Section change_of_variables.
Local Open Scope ereal_scope.
Context d (X : measurableType d) (R : realType).
Variable mu : {measure set X -> \bar R}.
Variables (D : set X) (t : X -> X) (g : X -> R).
Hypotheses (mD : measurable D) (mt : measurable_fun D t).
Hypotheses (g0 : forall x, (0 <= g x)%R) (mg : measurable_fun setT g).
Hypothesis image_density : forall A, measurable A ->
  mu (D `&` t @^-1` A) = \int[mu]_(x in A) (g x)%:E.

Import HBNNSimple.

Lemma integral_comp_indic (A : set X) : measurable A ->
  \int[mu]_(x in D) (\1_A (t x))%:E = \int[mu]_x ((\1_A x)%:E * (g x)%:E).
Proof.
move=> mA; have mDA : measurable (D `&` t @^-1` A) by exact: mt.
transitivity (\int[mu]_(x in D) (\1_(D `&` t @^-1` A) x)%:E).
  apply: eq_integral => x /[!inE] Dx; rewrite !indicE.
  suff -> : (x \in D `&` t @^-1` A) = (t x \in A) by [].
  by apply/idP/idP => /[!inE]; [case|move=> ?; split].
rewrite integral_indic // setIAC setIid image_density // integral_mkcond.
by apply: eq_integral => x _; rewrite epatch_indic /= muleC.
Qed.

Lemma integral_comp_nnsfun (h : {nnsfun X >-> R}) :
  \int[mu]_(x in D) (h (t x))%:E = \int[mu]_x ((h x)%:E * (g x)%:E).
Proof.
pose ind r x : R := \1_(h @^-1` [set r]) x.
have mind r : measurable_fun setT (ind r) by exact/measurable_indic/measurable_funPTI.
have mindt r : measurable_fun D (ind r \o t) by exact: measurableT_comp (mind r) mt.
have mEind (r : R) : measurable_fun setT (fun x => (r * ind r x)%:E * (g x)%:E).
  apply: emeasurable_funM; apply/measurable_EFinP; last exact: mg.
  by apply: measurable_funM; [exact: measurable_cst|exact: mind].
have mEindt (r : R) : measurable_fun D (fun x => (r * ind r (t x))%:E).
  apply/measurable_EFinP/measurable_funM; [exact: measurable_cst|exact: mindt].
have ind_ge0 r x : 0 <= (r * ind r x)%:E by rewrite EFinM; exact: nnfun_muleindic_ge0.
have hE x : (h x)%:E = \sum_(r \in range h) (r * ind r x)%:E.
  by rewrite fimfunE fsumEFin.
under eq_integral do rewrite hE.
under [RHS]eq_integral do rewrite hE ge0_mule_fsuml //.
rewrite !ge0_integral_fsum //; last by move=> r x _; rewrite mule_ge0 ?ind_ge0 ?lee_fin.
apply: eq_fsbigr => r /[!inE] -[x _ <-].
under eq_integral do rewrite EFinM.
under [RHS]eq_integral do rewrite EFinM -muleA.
rewrite !ge0_integralZl_EFin // ?integral_comp_indic //.
- by move=> y _; rewrite mule_ge0 ?lee_fin.
- by apply: emeasurable_funM; apply/measurable_EFinP; [exact: mind|exact: mg].
- by move=> y _; rewrite lee_fin.
- exact/measurable_EFinP/mindt.
Qed.

Lemma ge0_integral_comp (F : X -> \bar R) :
  (forall x, 0 <= F x) -> measurable_fun setT F ->
  \int[mu]_(x in D) F (t x) = \int[mu]_x (F x * (g x)%:E).
Proof.
move=> F0 mF; pose h := nnsfun_approx measurableT mF.
have h_cvg x : (h n x)%:E @[n --> \oo] --> F x.
  exact: (cvg_nnsfun_approx measurableT mF (fun x _ => F0 x) Logic.I).
have h_nd x a b : (a <= b)%N -> ((h a x)%:E <= (h b x)%:E).
  by move=> ab; rewrite lee_fin; exact/lefP/nd_nnsfun_approx.
transitivity (limn (fun n => \int[mu]_(x in D) (h n (t x))%:E)).
- rewrite -monotone_convergence//.
  + by apply: eq_integral => x _; apply/esym; apply: cvg_lim => //; exact: h_cvg.
  + by move=> n; exact/measurable_EFinP/(measurableT_comp (measurable_funPT _) mt).
  + by move=> n x _; rewrite lee_fin.
  + by move=> x _; exact: h_nd.
- under eq_fun do rewrite integral_comp_nnsfun.
  rewrite -monotone_convergence//.
  + by apply: eq_integral => x _; apply: cvg_lim => //; exact: cvgeZr (h_cvg x).
  + by move=> n; apply: emeasurable_funM; exact/measurable_EFinP.
  + by move=> n x _; rewrite mule_ge0 ?lee_fin.
  + by move=> x _ a b ab; rewrite lee_wpmul2r ?lee_fin //; exact: h_nd.
Qed.

Lemma integral_comp (F : X -> R) : measurable_fun setT F ->
  \int[mu]_(x in D) (F (t x))%:E = \int[mu]_x ((g x * F x)%:E).
Proof.
move=> mF; have mEF : measurable_fun setT (EFin \o F) by exact/measurable_EFinP.
have gF_pos : (fun x => (g x * F x)%:E)^\+ = (fun x => (EFin \o F)^\+ x * (g x)%:E).
  apply/funext => x; rewrite funeposE EFinM.
  by rewrite -(funeposE (fun y => (g x)%:E * (F y)%:E)) ge0_funeposM // muleC.
have gF_neg : (fun x => (g x * F x)%:E)^\- = (fun x => (EFin \o F)^\- x * (g x)%:E).
  apply/funext => x; rewrite funenegE EFinM.
  by rewrite -(funenegE (fun y => (g x)%:E * (F y)%:E)) ge0_funenegM // muleC.
have Ft_pos : (fun x => (F (t x))%:E)^\+ = (EFin \o F)^\+ \o t.
  by rewrite -funepos_comp.
have Ft_neg : (fun x => (F (t x))%:E)^\- = (EFin \o F)^\- \o t.
  by rewrite -funeneg_comp.
rewrite integralE [RHS]integralE gF_pos gF_neg Ft_pos Ft_neg.
rewrite !ge0_integral_comp //.
- exact: measurable_funeneg.
- exact: measurable_funepos.
Qed.

End change_of_variables.

Section semibranching.
Context (k : nat) (L : kgraph k) (d : measure_display) (X : measurableType d)
  (R : realType) (mu : {measure set X -> \bar R})
  (D : L -> set X) (tau : L -> X -> X) (coding : degk k -> X -> X).
Hypothesis sbfs : Lambda_SBFS mu D tau coding.
Variable f : L -> X -> complex R.
Hypothesis frep : arising_proj_rep mu D tau coding f.

Local Notation range := (sbfs_range D tau).

Lemma sbfs_dom l : [/\ measurable (D l), (0 < mu (D l))%E & (mu (D l) < +oo)%E].
Proof. by have [H _] := sbfs; exact: H. Qed.

Lemma measurable_dom l : measurable (D l). Proof. by case: (sbfs_dom l). Qed.

Lemma measurable_tau l : measurable_fun (D l) (tau l).
Proof. by have [_ [H _]] := sbfs; case: (H l). Qed.

Lemma measurable_image_tau l A : measurable A -> A `<=` D l -> measurable (tau l @` A).
Proof. by have [_ [H _]] := sbfs; case: (H l) => _; exact. Qed.

Lemma measurable_range l : measurable (range l).
Proof. exact: measurable_image_tau (measurable_dom l) (@subset_refl _ _). Qed.

Lemma measurable_coding m : measurable_fun setT (coding m).
Proof. by have [_ [_ [_ [H _]]]] := sbfs; exact: H. Qed.

Lemma range_disjoint m (l n : L) : kg_deg l = m -> kg_deg n = m -> l <> n ->
  mu (range l `&` range n) = 0%E.
Proof. by have [_ [_ [_ [_ [H _]]]]] := sbfs; exact: H. Qed.

Lemma tau_image_density l : exists h : X -> \bar R,
  [/\ measurable_fun (D l) h, (forall x, 0 <= h x)%E,
      {ae mu, forall x, D l x -> (0 < h x)%E} &
      forall A, measurable A -> A `<=` D l ->
        mu (tau l @` A) = (\int[mu]_(x in A) h x)%E].
Proof. by have [_ [_ [_ [_ [_ [_ [H _]]]]]]] := sbfs; exact: H. Qed.

Lemma coding_tauK l x : D l x -> coding (kg_deg l) (tau l x) = x.
Proof. by have [_ [_ [_ [_ [_ [_ [_ [H _]]]]]]]] := sbfs; exact: H. Qed.

Lemma tau_vertex v x : D (kg_id v) x -> tau (kg_id v) x = x.
Proof. by have [_ [_ [_ [_ [_ [_ [_ [_ [H _]]]]]]]]] := sbfs; exact: H. Qed.

Lemma range_subset_dom_ae (l n : L) : kg_src l = kg_rng n ->
  mu.-negligible (range n `\` D l).
Proof. by have [_ [_ [_ [_ [_ [_ [_ [_ [_ [H _]]]]]]]]]] := sbfs; exact: H. Qed.

Lemma L2_f l : L2 mu (f l). Proof. by case: frep. Qed.

Lemma csq_f_density l A : measurable A ->
  mu (D l `&` tau l @^-1` A) = (\int[mu]_(x in A) (csq (f l x))%:E)%E.
Proof. by case: frep => _ H _ _; exact: H. Qed.

Lemma coding_on_range l x : range l x ->
  D l (coding (kg_deg l) x) /\ tau l (coding (kg_deg l) x) = x.
Proof. by case=> y Dy <-; rewrite coding_tauK. Qed.

Lemma cmeasurable_projT l g : cmeasurable g -> cmeasurable (projT coding f l g).
Proof.
move=> mg; apply: cmeasurableM; first exact/L2_cmeasurable/L2_f.
exact/cmeasurable_comp/measurable_coding.
Qed.

Lemma L2_projT l g : L2 mu g -> L2 mu (projT coding f l g).
Proof.
move=> Lg; have mg := L2_cmeasurable Lg.
have [mr mi] := cmeasurable_projT l mg.
split => //; rewrite /projT.
have mgc : measurable_fun setT (fun x => (csq (g (coding (kg_deg l) x)))%:E).
  exact/emeasurable_csq/cmeasurable_comp/measurable_coding.
have gc_ge0 x : (0 <= (csq (g (coding (kg_deg l) x)))%:E)%E by rewrite lee_fin csq_ge0.
under eq_integral do rewrite csqM EFinM muleC.
rewrite -(ge0_integral_comp (measurable_dom l) (@measurable_tau l) (fun x => csq_ge0 (f l x))
  (measurable_csq (L2_cmeasurable (L2_f l))) (csq_f_density l) gc_ge0 mgc).
under eq_integral => x /[!inE] Dx do rewrite coding_tauK //.
exact: L2_subset_integral_lty (measurable_dom l) Lg.
Qed.

Lemma f_eq0_off_range l : {ae mu, forall x, ~ range l x -> f l x = 0}.
Proof.
have mC := measurableC (measurable_range l).
have I0 : (\int[mu]_(x in ~` range l) `|(csq (f l x))%:E| = 0)%E.
  under eq_integral do rewrite gee0_abs ?lee_fin ?csq_ge0 //.
  rewrite -csq_f_density // (_ : _ `&` _ = set0) ?measure0 //.
  by apply/seteqP; split => x // [Dx /= nR]; apply: nR; exists x.
have mf := emeasurable_csq (L2_cmeasurable (L2_f l)).
move: I0 => /(ae_eq_integral_abs mu mC (measurable_funTS mf)).
by apply: filterS => x fx0 nR; apply: csq_eq0; case: (fx0 nR).
Qed.

(* The zeros of [f_l] in [R_l] form [tau_l] of a [mu]-null subset of [D_l]
   (by [csq_f_density]), and [tau_l] maps null sets to null sets. *)
Lemma f_neq0_on_range l : {ae mu, forall x, range l x -> f l x != 0}.
Proof.
pose Z := range l `&` [set x | csq (f l x) = 0].
have mZ : measurable Z.
  apply: measurableI; first exact: measurable_range.
  have := measurable_csq (L2_cmeasurable (L2_f l)) measurableT (measurable_set1 0).
  by rewrite setTI.
have mZ' : measurable (D l `&` tau l @^-1` Z).
  exact: (@measurable_tau l (measurable_dom l) _ mZ).
have Z'0 : mu (D l `&` tau l @^-1` Z) = 0%E.
  by rewrite csq_f_density //; apply: integral0_eq => x [_ /= ->].
have [h [mh h0 _ Hh]] := tau_image_density l.
exists (tau l @` (D l `&` tau l @^-1` Z)); split.
- exact: measurable_image_tau mZ' (@subIsetl _ _ _).
- rewrite (Hh _ mZ' (@subIsetl _ _ _)).
  under eq_integral do rewrite -[h _]gee0_abs //.
  apply: integral_abs_eq0 => //.
  exact: measurable_funS (measurable_dom l) (@subIsetl _ _ _) mh.
- move=> x /= /not_implyP [Rx /negP /negbNE /eqP fx0].
  have [Dc tc] := coding_on_range Rx.
  exists (coding (kg_deg l) x) => //; split => //=.
  by rewrite tc; split => //=; rewrite fx0 csq_real expr0n.
Qed.

Lemma range_vertex w : range (kg_id w) = D (kg_id w).
Proof.
apply/seteqP; split => x; first by case=> y Dy <-; rewrite tau_vertex.
by move=> Dx; exists x => //; rewrite tau_vertex.
Qed.

Lemma vertex_dom_disjoint w v : w <> v -> mu (D (kg_id w) `&` D (kg_id v)) = 0%E.
Proof.
move=> wv; rewrite -!range_vertex.
apply: (@range_disjoint (@degk0 k)); rewrite ?kdeg_id //.
by move=> /(congr1 (@kg_rng _ _)); rewrite !krng_id.
Qed.

Lemma f_eq0_on_vertex l v : kg_rng l <> v ->
  {ae mu, forall x, D (kg_id v) x -> f l x = 0}.
Proof.
move=> lv.
have Rl_sub : {ae mu, forall x, ~ (range l `\` D (kg_id (kg_rng l))) x}.
  have := @range_subset_dom_ae (kg_id (kg_rng l)) l (ksrc_id _).
  by apply: negligibleS => x /= /contrapT.
have disj : {ae mu, forall x, ~ (D (kg_id (kg_rng l)) `&` D (kg_id v)) x}.
  have : mu.-negligible (D (kg_id (kg_rng l)) `&` D (kg_id v)).
    apply/negligibleP; last exact: vertex_dom_disjoint.
    by apply: measurableI; exact: measurable_dom.
  by apply: negligibleS => x /= /contrapT.
apply: filterS (filterI (filterI (f_eq0_off_range l) Rl_sub) disj).
move=> x [[fx0 Rx] Dx] Dvx; apply: fx0 => Rlx; apply: Dx; split => //.
by apply: contrapT => nD; apply: Rx.
Qed.

Section adjoint.
Variables (l : L) (xi eta : X -> complex R).
Hypotheses (Lxi : L2 mu xi) (adj : is_adjoint_value mu coding f l xi eta).

Local Notation T := (projT coding f l).
Local Notation cd := (coding (kg_deg l)).

Let Leta : L2 mu eta. Proof. by case: adj. Qed.

Let L2_cf c : L2 mu (fun x => c * f l x).
Proof.
exact: L2_mul_bounded (L2_f l) (cmeasurable_cst X c) (csq_ge0 c) (fun=> lexx _).
Qed.

Section indicator_test_function.
Variables (c : complex R) (B : set X).
Hypotheses (mB : measurable B) (B_range : B `<=` range l).

Let C := D l `&` tau l @^-1` B.
Let u y := c * Complex (\1_C y) 0.

Let mC : measurable C.
Proof. exact: (measurable_tau (measurable_dom l) mB). Qed.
::::::
#### WORK REQUIRED
Quote the records above exactly, from the first line through the line containing "Hypotheses (mD : measurable", and nothing more.

#### WRITTEN SOLUTION
Section change_of_variables.
Local Open Scope ereal_scope.
Context d (X : measurableType d) (R : realType).
Variable mu : {measure set X -> \bar R}.
Variables (D : set X) (t : X -> X) (g : X -> R).
Hypotheses (mD : measurable D) (mt : measurable_fun D t).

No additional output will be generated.